The federal law governing most disability claims (the Employee Retirement Income Security Act of 1974, or ERISA) does not allow for punitive damages. If an insurer denies your claim in bad faith, drags you through years of appeals and litigation, and you finally win in court, what happens?

They pay what they already owed you. That’s it. No penalties. No meaningful interest. No damages for the emotional distress, the financial hardship, or the years of your life spent fighting.

“There’s no incentive on the insurer’s part to behave well,” Maloney said. “There’s not that threat of punitive damages.”

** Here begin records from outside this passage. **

(* Let $\mathcal G=\{\psi_\gamma : \gamma:[0,1]\to\mathbb R^2 \text{ piecewise } C^1\}$ be the set of diffeomorphisms of $S^1$ induced by moving the tracer point of a Prytz planimeter of length $\ell$ along arbitrary piecewise $C^1$ curves. Then $\mathcal G$ is a group under composition, and it equals $\mathcal M_0(S^1)$, the group of Möbius transformations $z\mapsto \frac{az+b}{\bar b z+\bar a}$ (with $a,b\in\mathbb C$, $|a|^2-|b|^2=1$), restricted to the unit circle $S^1=\{|z|=1\}\subset\mathbb C$; equivalently, the group of Möbius transformations preserving $S^1$ and its orientation. *)

From Stdlib Require Import Reals List.
From Coquelicot Require Import Coquelicot.
Open Scope R_scope.

(* A function R -> R is C^1 on [a,b] if it agrees there with a C^1 function
   defined on all of R (equivalent to C^1 with one-sided derivatives at ends). *)
Definition C1_on (f : R -> R) (a b : R) : Prop :=
  exists g : R -> R,
    (forall t, ex_derive g t) /\
    (forall t, continuity_pt (Derive g) t) /\
    (forall t, a <= t <= b -> f t = g t).

Definition piecewise_C1 (gamma : R -> C) : Prop :=
  exists (n : nat) (p : nat -> R),
    p 0%nat = 0 /\ p n = 1 /\
    (forall i, (i < n)%nat -> p i < p (S i)) /\
    (forall i, (i < n)%nat ->
       C1_on (fun t => fst (gamma t)) (p i) (p (S i)) /\
       C1_on (fun t => snd (gamma t)) (p i) (p (S i))).

(* Motion of a Prytz planimeter of length l: the tracer point is gamma t, the
   rod direction (unit vector from the blade to the tracer) is u t, so the blade
   is at gamma t - l u t.  The no-slip condition (blade velocity parallel to the
   rod) is  l u' = <gamma', u^perp> u^perp  with u^perp = (-u2, u1). *)
Definition prytz_motion (l : R) (gamma : R -> C) (u : R -> C) : Prop :=
  (forall t, 0 <= t <= 1 -> Cmod (u t) = 1) /\
  (forall t, 0 <= t <= 1 ->
     continuity_pt (fun s => fst (u s)) t /\
     continuity_pt (fun s => snd (u s)) t) /\
  exists S : list R, forall t, 0 < t < 1 -> ~ In t S ->
    exists dg1 dg2 du1 du2 : R,
      derivable_pt_lim (fun s => fst (gamma s)) t dg1 /\
      derivable_pt_lim (fun s => snd (gamma s)) t dg2 /\
      derivable_pt_lim (fun s => fst (u s)) t du1 /\
      derivable_pt_lim (fun s => snd (u s)) t du2 /\
      let w := - dg1 * snd (u t) + dg2 * fst (u t) in
      l * du1 = - snd (u t) * w /\
      l * du2 = fst (u t) * w.

(* psi_gamma maps the initial direction z to the final direction w. *)
Definition prytz_transfer (l : R) (gamma : R -> C) (z w : C) : Prop :=
  exists u : R -> C, prytz_motion l gamma u /\ u 0 = z /\ u 1 = w.

Definition on_S1 (z : C) : Prop := Cmod z = 1.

This creates a perverse economic incentive. From the insurer’s perspective, denying claims is essentially risk-free. Even if they lose in court, they’re only paying what they would have paid anyway. But if the claimant gives up (which many do), the insurer saves hundreds of thousands or even millions of dollars.

Most claimants don’t appeal. Of those who do, most don’t hire attorneys. Of those who hire attorneys, most settle for less than full benefits. And even those who go all the way to a favorable court decision face years of delay while battling their disability at the same time.

“Not only are you fighting with the insurance company, but you’re also dealing with a condition that’s severe enough to prevent you from working,” Maloney said. “There is a battle on two fronts.”

That’s exactly why every case at DeBofsky Law is led by an experienced attorney, not handed off to paralegals or staff. We understand that our clients are fighting for their financial survival while managing severe health conditions. They need someone who will take over the fight completely.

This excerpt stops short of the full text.